Sales promotion programmes of international marketers are best handled locally. This is necessary
because many countries have specific laws governing the use of different tools of sale promotion.
14.4.3 Price
Determining what price to charge for a product in a foreign country is complex and may involve
trial and error. Multinational companies encounter several problems and must deal with price
escalation, transfer prices, dumping penalties, and grey markets. Setting prices is particularly
complicated for an exporter facing currency conversion, if any service is included in price, and
often little control on prices set by resellers. Depending on the added cost of transportation,
tariffs, importer margin, dealer and retailer margin to exporter’s production costs, the price
escalation may be two to five times more in another foreign market to earn profits. Transfer
price refers to price set for goods shipped to company’s subsidiary abroad.

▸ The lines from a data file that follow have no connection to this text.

Lemma fourier_periodic (I : (L -> R[i]) -> R[i]) (Psi : L -> R[i]) k h z :
  (forall y, Psi y != 0 -> in_ideal vL k y) -> in_ideal vL (2%:Z * c - 1 - k) h ->
  fourier I tau trF Psi (z + h) = fourier I tau trF Psi z.
Proof.
case: htau => tauD _ tauc supp hh; congr (I _); apply: functional_extensionality => y.
case: (eqVneq (Psi y) 0) => [->|Psi_y]; first by rewrite !mul0r.
rewrite mulrDl (trFD hL) tauD [tau (trF (h * y))](tauc c).2 ?mulr1 //.
apply: (in_ideal_trF hL hram).
by have := in_idealM hvL hh (supp y Psi_y); rewrite addrNK.
Qed.

Variables (chi : L -> R[i]) (pi : 'M[F]_2 -> (L -> R[i]) -> L -> R[i]).
Hypothesis hpi : is_irrep_Gplus vL nrmF chi pi.
Hypothesis hpi_n : forall u Phi, schwartz_chi vL nrmF chi Phi ->
  pi (mx22 1 u 0 1) Phi = (fun x => tau (u * nrmF x) * Phi x).

Lemma support_upper_invariant n Psi : schwartz_chi vL nrmF chi Psi ->
  (forall u, in_ideal vF n u -> pi (mx22 1 u 0 1) Psi = Psi) ->
  forall x, Psi x != 0 -> in_ideal vL (c - n) x.
Proof.
move=> hPsi hfix x Psi_x; case: (eqVneq x 0) => [->|x0]; first by left.
rewrite in_ideal_dval // -(vF_nrmF hL hram x0).
suff : c <= n + vF (nrmF x) by lia.
apply: (conductor_le hvF htau (nrmF_neq0 hL x0)) => u hu.
apply: (mulIf Psi_x); rewrite mul1r.
by have := congr1 (fun f => f x) (hpi_n u hPsi); rewrite hfix.
Qed.

Lemma weyl_upper_invariant n Phi : schwartz_chi vL nrmF chi Phi ->
  (forall k, in_Kn vF n k -> pi k Phi = Phi) ->
  forall u, in_ideal vF n u ->
  pi (mx22 1 u 0 1) (pi (mx22 0 1 (-1) 0) Phi) = pi (mx22 0 1 (-1) 0) Phi.
Proof.
case: hpi => _ _ _ hcomp _ hPhi hfix u hu.
have SL2 := in_Gplus_det1 hL.
have Gw : in_Gplus nrmF (mx22 0 1 (-1) 0) by apply: SL2; rewrite det_mx22; ring.
rewrite -hcomp //; last by apply: SL2; rewrite det_mx22; ring.
rewrite mul_upper_weyl hcomp //; last by apply: SL2; rewrite det_mx22; ring.
by rewrite hfix //; apply/in_Kn_lower/(in_idealN hvF).
Qed.

End FixedVectors.

Theorem lemma8p4
  (R : realType) (F L : fieldType)
  (vF : F -> int) (q : nat) (hF : is_padic_field vF q)
  (iota : {rmorphism F -> L}) (sigma : {rmorphism L -> L}) (trF nrmF : L -> F)
  (hL : is_quadratic_ext iota sigma trF nrmF)
  (vL : L -> int) (hram : ramified_ext_valuation iota vF vL)
  (omega : F -> R[i]) (homega : norm_residue_char nrmF omega)
  (chi : L -> R[i]) (hchi : char_not_via_norm vL nrmF chi)
  (tau : F -> R[i]) (c : int) (htau : additive_char_conductor vF tau c)
  (I : (L -> R[i]) -> R[i]) (hI : haar_integral vL I)
  (hselfdual : forall Phi, schwartz vL Phi -> forall x,
      fourier I tau trF (fourier I tau trF Phi) x = Phi (- x))
  (gamma : R[i]) (hgamma : `|gamma| = 1)
  (pi : 'M[F]_2 -> (L -> R[i]) -> (L -> R[i]))
  (hpi : is_irrep_Gplus vL nrmF chi pi)
  (hpi_n : forall u Phi, schwartz_chi vL nrmF chi Phi ->
      pi (mx22 1 u 0 1) Phi = (fun x => tau (u * nrmF x) * Phi x))
  (hpi_a : forall a Phi, a != 0 -> schwartz_chi vL nrmF chi Phi ->
      pi (mx22 a 0 0 a^-1) Phi =
      (fun x => omega a * (q%:R : R[i]) ^ (- vF a) * Phi (iota a * x)))
  (hpi_w : forall Phi, schwartz_chi vL nrmF chi Phi ->
      pi (mx22 0 1 (-1) 0) Phi = (fun x => gamma * fourier I tau trF Phi (sigma x)))
  (n : int) (hn : 1 <= n)
  (Phi : L -> R[i]) (hPhi : schwartz_chi vL nrmF chi Phi)
  (hfix : forall k, in_Kn vF n k -> pi k Phi = Phi) :
  (forall x, Phi x != 0 -> in_ideal vL (c - n) x) /\
  (forall x y, in_ideal vL (c + n - 1) y -> Phi (x + y) = Phi x).
Proof.
have hvF : is_normalized_dval vF by case: hF.
have [hS _ _ _ _] := hpi.
have Sw : schwartz_chi vL nrmF chi (pi (mx22 0 1 (-1) 0) Phi).
  by apply: hS => //; apply: (in_Gplus_det1 hL); rewrite det_mx22; ring.
have gamma0 : gamma != 0 by rewrite -normr_eq0 hgamma oner_neq0.
split.
  apply: (support_upper_invariant hL hvF hram htau hpi_n hPhi) => u hu.
  exact/hfix/in_Kn_upper.
have supp_hat y : fourier I tau trF Phi y != 0 -> in_ideal vL (c - n) y.
  move=> hy; rewrite -[y](sigmaK hL); apply: (in_ideal_sigma hL hram).
  apply: (support_upper_invariant hL hvF hram htau hpi_n Sw).
    exact: (weyl_upper_invariant hL hvF hpi).
  by rewrite hpi_w // (sigmaK hL) mulf_neq0.
move=> x h hh.
have inv z : Phi z = fourier I tau trF (fourier I tau trF Phi) (- z).
  by rewrite hselfdual ?opprK //; case: hPhi.
rewrite (inv (x + h)) (inv x) opprD (fourier_periodic hL hram htau I (- x) supp_hat) //.
by apply: (in_idealN (proj1 hram)); rewrite (_ : _ - _ - _ = c + n - 1) //; lia.
Qed.
(* Over a totally ordered normal incline, a factorisation A = B B^T forces B_il <= c_i,
   where c_i is the square root of A_ii; hence A_ij <= c_i c_j and, by the LI-property,
   A_ij = c_i c_j s_ij with s symmetric and s_ii = 1.  A star (a, J), |J| <= 2, is the
   vector with entry c_a at a, c_j s_aj at j in J and 0 elsewhere; when s_aj s_ak <= s_jk
   for distinct j, k in J its outer product lies below A, so A is the sum of any family
   of such stars whose outer products attain every entry of A.
   Such a family is built by induction on the index set S: remove a pair p, q with s_pq
   maximal, choose a0 among the remaining indices with s_pa0 <= s_qa0, and add the
   |S| - 1 stars (p, {q, a0}), (q, {a0}) and (a, {p, q}) for the other a; this gives
   [|S|^2/4] stars.  They miss at most one diagonal entry, and none when |S| >= 4,
   which singleton stars repair.  Neither the AG-property nor the requirement that the
   entries of B be squares is needed. *)

Lemma sqr_div4_sub2 m : 2 <= m -> (m - 2) ^ 2 %/ 4 + (m - 1) = m ^ 2 %/ 4.
Proof.
move=> /subnK <-; move: (m - 2) => k; rewrite addnK.
have -> : (k + 2) ^ 2 = k ^ 2 + (k + 1) * 4 by rewrite !expnS expn0; nia.
by rewrite divnDMl // addn2 addn1.
Qed.

Lemma leq_maxn_sqr_div4 n a u :
  a <= n ^ 2 %/ 4 -> u <= (n < 4) -> u <= n -> a + u <= maxn n (n ^ 2 %/ 4).
Proof. by case: n => [|[|[|[|k]]]] /=; lia. Qed.
(* Evaluate the recurrence at [t]: [(t - alpha_N) P_N(t) = P_(N+1)(t) + beta_N P_(N-1)(t)]. *)
Lemma rn_recurrence alpha beta B t n :
  (t - an (S n)) * (rn c h alpha beta B t (S (S n)) - rn c h alpha beta B t (S n))
  = bn (S (S n)) * Rn c h alpha beta B t (S (S n)) - bn (S n) * Rn c h alpha beta B t n.
Proof.
  unfold rn, Rn.
  assert (Hr := recurrence_S n t).
  pose proof (h_pos n); pose proof (h_pos (S n)); pose proof (h_pos (S (S n))).
  replace (Pe c (S (S n)) t) with (t * Pe c (S n) t - an (S n) * Pe c (S n) t - bn (S n) * Pe c n t)
    by lra.
  rewrite !bn_S. field. repeat split; lra.
Qed.

(* Divide [(1 - alpha_N) P_N = (1 - y) P_N + P_(N+1) + beta_N P_(N-1)] by [1 - y] and
   integrate against [P_(N-1) w / h_(N-1)] and [P_(N+1) w / h_N]. *)
Lemma xn_yn_recurrence beta X Y n :
  (forall m, improper_int01 (fun y => Pe c m y ^ 2 / (1 - y) * W y) (X m)) ->
  improper_int01 (fun y => Pe c (S n) y * Pe c n y / (1 - y) * W y) (Y (S n)) ->
  improper_int01 (fun y => Pe c (S (S n)) y * Pe c (S n) y / (1 - y) * W y) (Y (S (S n))) ->
  (1 - an (S n)) * (yn beta h Y (S n) - yn beta h Y (S (S n)))
  = bn (S n) * xn beta h X n - bn (S (S n)) * xn beta h X (S (S n)).
Proof.
  intros HX HY1 HY2.
  pose proof (h_pos n); pose proof (h_pos (S n)); pose proof (h_pos (S (S n))).
  set (a := an (S n)).
  assert (L := improper_int01_plus_scal _ _ _ _ (- (1 - a) / h (S n))
                 (improper_int01_scal _ _ ((1 - a) / h n) HY1) HY2).
  assert (R1 := improper_int01_plus_scal _ _ _ _ (-1 / h (S n))
                  (improper_int01_scal _ _ (bn (S n) / h n) (HX n)) (HX (S (S n)))).
  assert (R2 := improper_int01_plus_scal _ _ _ _ (1 / h n) R1 (orth_neq (S n) n ltac:(lia))).
  assert (R3 := improper_int01_plus_scal _ _ _ _ (-1 / h (S n)) R2
                  (orth_neq (S n) (S (S n)) ltac:(lia))).
  assert (R4 : improper_int01
     (fun y => (1 - a) / h n * (Pe c (S n) y * Pe c n y / (1 - y) * W y) +
               - (1 - a) / h (S n) * (Pe c (S (S n)) y * Pe c (S n) y / (1 - y) * W y))
     (bn (S n) / h n * X n + -1 / h (S n) * X (S (S n)) + 1 / h n * 0 + -1 / h (S n) * 0)).
  { eapply improper_int01_ext; [|exact R3]. intros x Hx. cbv beta.
    assert (Hr := recurrence_S n x). fold a in Hr.
    replace (Pe c (S (S n)) x)
      with (x * Pe c (S n) x - a * Pe c (S n) x - bn (S n) * Pe c n x) by lra.
    rewrite bn_S. field. repeat split; lra. }
  assert (U := improper_int01_unique _ _ _ L R4).
  unfold yn, xn. rewrite !bn_S in *.
  replace ((1 - a) * (beta / h n * Y (S n) - beta / h (S n) * Y (S (S n))))
    with (beta * ((1 - a) / h n * Y (S n) + - (1 - a) / h (S n) * Y (S (S n))))
    by (field; lra).
  rewrite U. field. lra.
Qed.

Charging high price
will result in paying higher tariff, and charging less than product costs or less than the firm
charges in its domestic market may attract dumping duty.
Grey marketing occurs when an importer buys a product and rather than selling it in an agreed
low-price country, sells it in other geographic markets to take advantage of price differences.
For example, in some South eastern countries widely used PC software is sold at a fraction of
original software prices.
Differences in price charged in different countries for an identical brand is a growing concern.
Price differences are the outcome of strength of demand, the complexity of distribution system,
and the differences in taxes. Internet and other means have made it easy for consumers to learn
about the price differentials, this makes the job of resellers quite complex. An exporter may
quote prices in seller’s country currency or that of buyer. Quoting prices in buyer’s currency
entails the risk of its decline and the exporter or importer may suffer a loss.
An alternative to currency pricing is engaging in counter trade or barter. Instead of making any
payments in either county’s currency, the buyer foreign country arranges to trade in domestically
produced products in exchange for imported goods. This may happen for two reasons: (1) less
developed countries may not have reasonably stable currency, often called “hard” currency to
buy necessary capital goods, such as equipment and trade in less sophisticated domestically
produced goods such as coffee, timber, food grains, or oil, or (2) a country lacks marketing
infrastructure to encourage international trade. Counter trade is associated with less developed
economies; it is typical of some high-value business-to-business international trade.